Kevin has just recevied his disappointing results on the USA Identification of Cows Olympiad (USAICO) in the form of a binary string of length n. Each character of Kevin's string represents Kevin's score on one of the n questions of the olympiad—'1' for a correctly identified cow and '0' otherwise.

However, all is not lost. Kevin is a big proponent of alternative thinking and believes that his score, instead of being the sum of his points, should be the length of the longest alternating subsequence of his string. Here, we define an alternating subsequence of a string as a not-necessarily contiguous subsequence where no two consecutive elements are equal. For example, {0, 1, 0, 1}, {1, 0, 1}, and {1, 0, 1, 0} are alternating sequences, while {1, 0, 0} and {0, 1, 0, 1, 1} are not.

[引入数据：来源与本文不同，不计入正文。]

(* Writing [q = u / d] in lowest terms, [d^2 | u^2 k] forces [d^2 | k], hence [d = 1]. *)
Lemma squarefree_int_of_sqrM (k : nat) (q : rat) :
  squarefree k -> q ^+ 2 * k%:R \is a Num.int -> q \is a Num.int.
Proof.
move=> sqf_k /intrP [t Dt]; rewrite Qint_def.
have den_gt0 := denq_gt0 q.
have Ent : numq q ^+ 2 * k%:R = t * denq q ^+ 2 :> int.
  apply: (@intr_inj rat); rewrite !intrM rmorph_nat -Dt.
  set d := denq q; set u := numq q; rewrite -(divq_num_den q) -/u -/d.
  by field; rewrite intr_eq0 gt_eqF.
have cop : coprime (`|denq q| ^ 2) (`|numq q| ^ 2).
  by rewrite coprimeXl // coprimeXr // coprime_sym coprime_num_den.
have dvd_k : (`|denq q| ^ 2 %| k)%N.
  rewrite -(Gauss_dvdl _ cop) mulnC.
  have /(congr1 absz) := Ent; rewrite !abszM natz !mulnn => ->.
  exact: dvdn_mull.
suff den1 : `|denq q|%N = 1%N by rewrite -(gez0_abs (ltW den_gt0)) den1.
have [den_lt1 | den_gt1 | //] := ltngtP `|denq q| 1.
  by move: den_gt0 den_lt1; case: (denq q) => [[|j]|j].
have : (pdiv `|denq q| * pdiv `|denq q| %| k)%N.
  by apply: dvdn_trans dvd_k; rewrite mulnn dvdn_exp2r ?pdiv_dvd.
by rewrite (negbTE (sqf_k _ (pdiv_prime den_gt1))).
Qed.

Lemma squarefree_nonsquare (k : nat) (u v : rat) :
  squarefree k -> (1 < k)%N -> u ^+ 2 = v ^+ 2 * k%:R -> u = 0 /\ v = 0.
Proof.
move=> sqf_k k_gt1 Duv.
have k0 : k%:R != 0 :> rat by rewrite pnatr_eq0 -lt0n ltnW.
have [u0 | u_neq0] := eqVneq u 0.
  split=> //; move/eqP: Duv.
  by rewrite u0 expr0n eq_sym mulf_eq0 (negbTE k0) orbF sqrf_eq0 => /eqP.
have Dq : (v / u) ^+ 2 * k%:R = 1.
  by rewrite expr_div_n mulrAC -Duv divff // expf_neq0.
have q_int : v / u \is a Num.int by apply: squarefree_int_of_sqrM sqf_k _; rewrite Dq.
have q_neq0 : v / u != 0.
  by apply: contra_eq_neq Dq => ->; rewrite expr0n mul0r eq_sym oner_neq0.
have := sqr_intr_ge1 q_int q_neq0.
have : 1 < k%:R :> rat by rewrite ltr1n.
have := Dq; nra.
Qed.

Lemma ratio_nonsquare (m n : nat) :
    (0 < m)%N -> coprime m n -> squarefree m -> squarefree n -> (m < n)%N ->
  forall u v : rat, u ^+ 2 * m%:R = v ^+ 2 * n%:R -> u = 0 /\ v = 0.
Proof.
move=> m_gt0 cop sqf_m sqf_n lt_mn u v Duv.
have mn_gt1 : (1 < m * n)%N by nia.
have Dum : (u * m%:R) ^+ 2 = v ^+ 2 * (m * n)%:R.
  by transitivity (u ^+ 2 * m%:R * m%:R); [ring | rewrite Duv natrM; ring].
have [/eqP um0 ->] := squarefree_nonsquare (squarefreeM cop sqf_m sqf_n) mn_gt1 Dum.
by split=> //; move: um0; rewrite mulf_eq0 pnatr_eq0 (negbTE (lt0n_neq0 m_gt0)) orbF => /eqP.
Qed.

Lemma nonsquare_ml_nl (m n l : nat) : (0 < m)%N -> (0 < l)%N ->
    (forall u v : rat, u ^+ 2 * m%:R = v ^+ 2 * n%:R -> u = 0 /\ v = 0) ->
  forall u v : rat, u ^+ 2 = v ^+ 2 * ((m * l)%:R * (n * l)%:R) -> u = 0 /\ v = 0.
Proof.
move=> m_gt0 l_gt0 mn_nonsq u v Duv.
have Dvlm : u ^+ 2 * m%:R = (v * l%:R * m%:R) ^+ 2 * n%:R by rewrite Duv !natrM; ring.
have [-> /eqP vlm0] := mn_nonsq _ _ Dvlm.
split=> //; move: vlm0; rewrite !mulf_eq0 !pnatr_eq0.
by rewrite (negbTE (lt0n_neq0 m_gt0)) (negbTE (lt0n_neq0 l_gt0)) !orbF => /eqP.
Qed.

Lemma ler_prod_subset_ge1 (R : numDomainType) (T : eqType) (F : T -> R)
    (t s : seq T) :
  (forall z, 1 <= F z) -> uniq t -> {subset t <= s} ->
  \prod_(z <- t) F z <= \prod_(z <- s) F z.
Proof.
move=> F_ge1; elim: t s => [|x t IHt] s /=.
  by move=> _ _; rewrite big_nil; apply: (big_ind (fun y => 1 <= y)) => //; apply: mulr_ege1.
case/andP=> x_t uniq_t t_s.
have x_s : x \in s by apply: t_s; rewrite mem_head.
rewrite big_cons (perm_big _ (perm_to_rem x_s)) big_cons.
apply: ler_wpM2l; first exact: le_trans ler01 (F_ge1 x).
apply: IHt => // y y_t; rewrite (rem_mem (contraNneq _ x_t)) ?t_s ?inE ?y_t ?orbT //.
by move=> <-.
Qed.

Lemma max1_norm_ge1 (R : numDomainType) (z : R) : 1 <= Num.max 1 `|z|.
Proof. by rewrite comparable_le_max ?real_comparable ?normr_real ?lexx. Qed.

Lemma norm_le_max1 (R : numDomainType) (z : R) : `|z| <= Num.max 1 `|z|.
Proof. by rewrite comparable_le_max ?real_comparable ?normr_real ?lexx ?orbT. Qed.

Lemma mahler_Zminpoly_ge (alpha : algC) (p : {poly int}) (s : seq algC) :
  is_Zminpoly alpha p -> uniq s -> all (root (minCpoly alpha)) s ->
  \prod_(z <- s) Num.max 1 `|z| <= mahler (map_poly intr p).
Proof.
move=> [content_p Dp] uniq_s /allP s_roots.
have lead_p_neq0 : (lead_coef p)%:~R != 0 :> algC.
  by rewrite intr_eq0 lead_coef_eq0; apply: contra_eq_neq content_p => ->; rewrite zcontents0.
have lead_map : lead_coef (map_poly intr p : {poly algC}) = (lead_coef p)%:~R.
  by rewrite Dp lead_coefZ (monicP (minCpoly_monic _)) mulr1.
rewrite /mahler /roots_of; case: closed_field_poly_normal => rs /= Drs.
have s_rs : {subset s <= rs}.
  move=> z /s_roots z_root; rewrite -root_prod_XsubC -(rootZ _ _ lead_p_neq0).
  by rewrite -lead_map -Drs Dp rootZ.
apply: le_trans (ler_prod_subset_ge1 (@max1_norm_ge1 _) uniq_s s_rs) _.
apply: ler_peMl; first by apply: prodr_ge0 => z _; apply: le_trans (max1_norm_ge1 z).
by rewrite lead_map -intr_norm ler1z -gtz0_ge1 normr_gt0 -(intr_eq0 algC).
Qed.

Lemma conjC_sqr_neg (A c : algC) : 0 < c -> A ^+ 2 = - c -> A^* = - A.
Proof.
move=> c_gt0 DA.
have : (A^* - A) * (A^* + A) = 0.
  have : A^* ^+ 2 = A ^+ 2 by rewrite -rmorphXn DA rmorphN /= conj_Creal ?gtr0_real.
  by move=> DAc; rewrite -subr_sqr DAc subrr.
move/eqP; rewrite mulf_eq0 subr_eq0 addr_eq0 => /orP [/eqP DAc | /eqP //].
have : 0 <= `|A| ^+ 2 by rewrite exprn_ge0.
by rewrite normCK DAc -expr2 DA oppr_ge0 => /(lt_le_trans c_gt0); rewrite ltxx.
Qed.

(* Rational polynomials commute with the automorphism [v |-> -v] of [Q(u, v)]. *)
Lemma horner_quad_flip (u v : algC) (a b : rat) :
    u ^+ 2 = ratr a -> v ^+ 2 = ratr b ->
  forall (f : {poly rat}) (p0 p1 q0 q1 : rat), exists P0 P1 Q0 Q1 : rat,
    (map_poly ratr f).[ratr p0 + ratr p1 * u + (ratr q0 + ratr q1 * u) * v]
      = ratr P0 + ratr P1 * u + (ratr Q0 + ratr Q1 * u) * v /\
    (map_poly ratr f).[ratr p0 + ratr p1 * u - (ratr q0 + ratr q1 * u) * v]
      = ratr P0 + ratr P1 * u - (ratr Q0 + ratr Q1 * u) * v.
Proof.
move=> Du Dv f p0 p1 q0 q1.
elim/poly_ind: f => [|g c [P0 [P1 [Q0 [Q1 [Dg Dg']]]]]].
  by exists 0, 0, 0, 0; rewrite map_poly0 !horner0 rmorph0; split; ring.
exists (P0 * p0 + P1 * p1 * a + (Q0 * q0 + Q1 * q1 * a) * b + c),
  (P0 * p1 + P1 * p0 + (Q0 * q1 + Q1 * q0) * b),
  (P0 * q0 + P1 * q1 * a + Q0 * p0 + Q1 * p1 * a),
  (P0 * q1 + P1 * q0 + Q0 * p1 + Q1 * p0).
rewrite rmorphD rmorphM /= map_polyX map_polyC /= !hornerE Dg Dg'.
by split; ring: Du Dv.
Qed.

Lemma inQgen_quad (u t : algC) (c x s : rat) :
  u ^+ 2 = ratr c -> inQgen (ratr x + ratr s * u) t ->
  exists r0 r1 : rat, t = ratr r0 + ratr r1 * u.
Proof.
move=> Du [f ->].
have Dv : (0 : algC) ^+ 2 = ratr 0 by rewrite rmorph0 expr2 mulr0.
have [P0 [P1 [Q0 [Q1 [Df _]]]]] := horner_quad_flip Du Dv f x s 0 0.
by exists P0, P1; rewrite !mulr0 !addr0 in Df.
Qed.

Lemma sqr_norm_le_max1 (R : numDomainType) (u v : R) :
  let U := Num.max 1 `|u| ^+ 2 * Num.max 1 `|v| ^+ 2 in
  [/\ `|u| ^+ 2 <= U, `|v| ^+ 2 <= U & `|u| ^+ 2 * `|v| ^+ 2 <= U].
Proof.
have sqr_le (t : R) : `|t| ^+ 2 <= Num.max 1 `|t| ^+ 2.
  by rewrite !expr2; apply: ler_pM; rewrite ?normr_ge0 ?norm_le_max1.
have sqr_ge1 (t : R) : 1 <= Num.max 1 `|t| ^+ 2 by rewrite exprn_ege1 ?max1_norm_ge1.
split.
- by apply: le_trans (sqr_le u) _; rewrite ler_peMr ?(le_trans ler01).
- by apply: le_trans (sqr_le v) _; rewrite ler_peMl ?(le_trans ler01).
- by apply: ler_pM; rewrite ?exprn_ge0 ?normr_ge0.
Qed.

Section Biquadratic.

Variables (a b : rat) (A B : algC).
Hypotheses (a_gt0 : 0 < a) (b_gt0 : 0 < b).
Hypotheses (sqrA : A ^+ 2 = - ratr a) (sqrB : B ^+ 2 = - ratr b).
Hypothesis ab_nonsquare : forall u v : rat, u ^+ 2 = v ^+ 2 * (a * b) -> u = 0 /\ v = 0.

Definition biquad (x y z w : rat) : algC :=
  ratr x + ratr y * A + ratr z * B + ratr w * (A * B).

Definition biquad_conjugates (x y z w : rat) : seq algC :=
  [:: biquad x y z w; biquad x y (- z) (- w);
      biquad x (- y) (- z) w; biquad x (- y) z (- w)].

(* For [alpha = biquad x y z w] and [alpha' = biquad x y (- z) (- w)],
   [biquad_sqmean] is [(|alpha|^2 + |alpha'|^2) / 2] and [biquad_norm] is
   [|alpha alpha'|^2], the field norm of [alpha]. *)
Definition biquad_sqmean (x y z w : rat) : rat :=
  x ^+ 2 + y ^+ 2 * a + z ^+ 2 * b + w ^+ 2 * (a * b).

Definition biquad_norm (x y z w : rat) : rat :=
  biquad_sqmean x y z w ^+ 2 - 4%:R * (x * w - y * z) ^+ 2 * (a * b).

Let conjA : A^* = - A.
Proof. by apply: conjC_sqr_neg sqrA; rewrite ltr0q. Qed.

Let conjB : B^* = - B.
Proof. by apply: conjC_sqr_neg sqrB; rewrite ltr0q. Qed.

Lemma conjC_biquad (x y z w : rat) : (biquad x y z w)^* = biquad x (- y) (- z) w.
Proof.
rewrite /biquad !rmorphD !(rmorphM _ (ratr _)) (rmorphM _ A) !fmorph_rat /=.
by rewrite conjA conjB !rmorphN; ring.
Qed.

Lemma biquad_eq0 (x y z w : rat) :
  biquad x y z w = 0 -> [/\ x = 0, y = 0, z = 0 & w = 0].
Proof.
(* Adding and subtracting the complex conjugate splits the relation into
   [x + w A B = 0] and [y A + z B = 0], whose squares are rational. *)
move=> Dalpha.
have Dalpha' : biquad x (- y) (- z) w = 0 by rewrite -conjC_biquad Dalpha conjC0.
have two_neq0 : 2%:R != 0 :> algC by rewrite pnatr_eq0.
have /eqP : 2%:R * (ratr x + ratr w * (A * B)) = 0.
  by rewrite -[0]addr0 -{1}Dalpha -Dalpha' /biquad !rmorphN; ring.
rewrite mulf_eq0 (negbTE two_neq0) addr_eq0 => /eqP Dx.
have /eqP : 2%:R * (ratr y * A + ratr z * B) = 0.
  by rewrite -[0]subr0 -{1}Dalpha -Dalpha' /biquad !rmorphN; ring.
rewrite mulf_eq0 (negbTE two_neq0) addr_eq0 => /eqP Dy.
have [x0 w0] : x = 0 /\ w = 0.
  apply: ab_nonsquare; apply: (fmorph_inj (@ratr algC)).
  by ring: Dx sqrA sqrB.
have [ya0 z0] : y * a = 0 /\ z = 0.
  apply: ab_nonsquare; apply: (fmorph_inj (@ratr algC)).
  transitivity (- (ratr y * A) ^+ 2 * ratr a); first by ring: sqrA.
  by rewrite Dy; ring: sqrB.
by move/eqP: ya0; rewrite mulf_eq0 (gt_eqF a_gt0) orbF => /eqP.
Qed.

Lemma biquad_inj (x y z w x' y' z' w' : rat) :
  biquad x y z w = biquad x' y' z' w' -> [/\ x = x', y = y', z = z' & w = w'].
Proof.
move=> /eqP; rewrite -subr_eq0 => /eqP Ddiff.
have [] := @biquad_eq0 (x - x') (y - y') (z - z') (w - w').
  by rewrite -Ddiff /biquad !rmorphB; ring.
by move=> /subr0_eq -> /subr0_eq -> /subr0_eq -> /subr0_eq ->.
Qed.

Lemma A_neq_biquad (x z w : rat) : A != biquad x 0 z w.
Proof.
have -> : A = biquad 0 1 0 0 by rewrite /biquad rmorph0 rmorph1; ring.
by apply/eqP => /biquad_inj [_ /eqP]; rewrite oner_eq0.
Qed.

Lemma B_neq_biquad (x y w : rat) : B != biquad x y 0 w.
Proof.
have -> : B = biquad 0 0 1 0 by rewrite /biquad rmorph0 rmorph1; ring.
by apply/eqP => /biquad_inj [_ _ /eqP]; rewrite oner_eq0.
Qed.

Lemma root_biquad_flipB (f : {poly rat}) (x y z w : rat) :
  root (map_poly ratr f) (biquad x y z w) ->
  root (map_poly ratr f) (biquad x y (- z) (- w)).
Proof.
have sqrA' : A ^+ 2 = ratr (- a) by rewrite rmorphN.
have sqrB' : B ^+ 2 = ratr (- b) by rewrite rmorphN.
have [P0 [P1 [Q0 [Q1 [Df Df']]]]] := horner_quad_flip sqrA' sqrB' f x y z w.
have -> : biquad x y z w = ratr x + ratr y * A + (ratr z + ratr w * A) * B.
  by rewrite /biquad; ring.
have -> : biquad x y (- z) (- w) = ratr x + ratr y * A - (ratr z + ratr w * A) * B.
  by rewrite /biquad !rmorphN; ring.
rewrite /root Df Df'; move/eqP=> Dzero.
have [-> -> -> ->] : [/\ P0 = 0, P1 = 0, Q0 = 0 & Q1 = 0].
  by apply: biquad_eq0; rewrite -Dzero /biquad; ring.
by rewrite rmorph0; apply/eqP; ring.
Qed.

Lemma root_biquad_flipA (f : {poly rat}) (x y z w : rat) :
  root (map_poly ratr f) (biquad x y z w) ->
  root (map_poly ratr f) (biquad x (- y) z (- w)).
Proof.
have sqrA' : A ^+ 2 = ratr (- a) by rewrite rmorphN.
have sqrB' : B ^+ 2 = ratr (- b) by rewrite rmorphN.
have [P0 [P1 [Q0 [Q1 [Df Df']]]]] := horner_quad_flip sqrB' sqrA' f x z y w.
have -> : biquad x y z w = ratr x + ratr z * B + (ratr y + ratr w * B) * A.
  by rewrite /biquad; ring.
have -> : biquad x (- y) z (- w) = ratr x + ratr z * B - (ratr y + ratr w * B) * A.
  by rewrite /biquad !rmorphN; ring.
rewrite /root Df Df'; move/eqP=> Dzero.
have [-> -> -> ->] : [/\ P0 = 0, Q0 = 0, P1 = 0 & Q1 = 0].
  by apply: biquad_eq0; rewrite -Dzero /biquad; ring.
by rewrite rmorph0; apply/eqP; ring.
Qed.

Lemma biquad_primitive (x y z w : rat) :
  inQgen (biquad x y z w) A -> inQgen (biquad x y z w) B ->
  [/\ ~ (y = 0 /\ z = 0), ~ (y = 0 /\ w = 0) & ~ (z = 0 /\ w = 0)].
Proof.
have sqrA' : A ^+ 2 = ratr (- a) by rewrite rmorphN.
have sqrB' : B ^+ 2 = ratr (- b) by rewrite rmorphN.
have sqrAB : (A * B) ^+ 2 = ratr (a * b) by rewrite exprMn sqrA sqrB rmorphM mulrNN.
move=> genA genB; split=> [[y0 z0] | [y0 w0] | [z0 w0]].
- have /(inQgen_quad sqrAB) [r0 [r1 DA]] : inQgen (ratr x + ratr w * (A * B)) A.
    by move: genA; rewrite /biquad y0 z0 rmorph0 !mul0r !addr0.
  by move: (A_neq_biquad r0 0 r1); rewrite {1}DA /biquad rmorph0 !mul0r !addr0 eqxx.
- have /(inQgen_quad sqrB') [r0 [r1 DA]] : inQgen (ratr x + ratr z * B) A.
    by move: genA; rewrite /biquad y0 w0 rmorph0 !mul0r !addr0.
  by move: (A_neq_biquad r0 r1 0); rewrite {1}DA /biquad rmorph0 !mul0r !addr0 eqxx.
- have /(inQgen_quad sqrA') [r0 [r1 DB]] : inQgen (ratr x + ratr y * A) B.
    by move: genB; rewrite /biquad z0 w0 rmorph0 !mul0r !addr0.
  by move: (B_neq_biquad r0 r1 0); rewrite {1}DB /biquad rmorph0 !mul0r !addr0 eqxx.
Qed.

Lemma root_biquad_conjugates (x y z w : rat) :
  all (root (minCpoly (biquad x y z w))) (biquad_conjugates x y z w).
Proof.
have [q [Dq _] _] := minCpolyP (biquad x y z w).
have root1 : root (map_poly ratr q) (biquad x y z w) by rewrite -Dq root_minCpoly.
have root2 := root_biquad_flipB root1.
have := root_biquad_flipA root2; rewrite opprK => root3.
by rewrite /= Dq root1 root2 root3 (root_biquad_flipA root1).
Qed.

Kevin, being the sneaky little puffball that he is, is willing to hack into the USAICO databases to improve his score. In order to be subtle, he decides that he will flip exactly one substring—that is, take a contiguous non-empty substring of his score and change all '0's in that substring to '1's and vice versa. After such an operation, Kevin wants to know the length of the longest possible alternating subsequence that his string could have.

Input

The first line contains the number of questions on the olympiad n (1 ≤ n ≤ 100 000).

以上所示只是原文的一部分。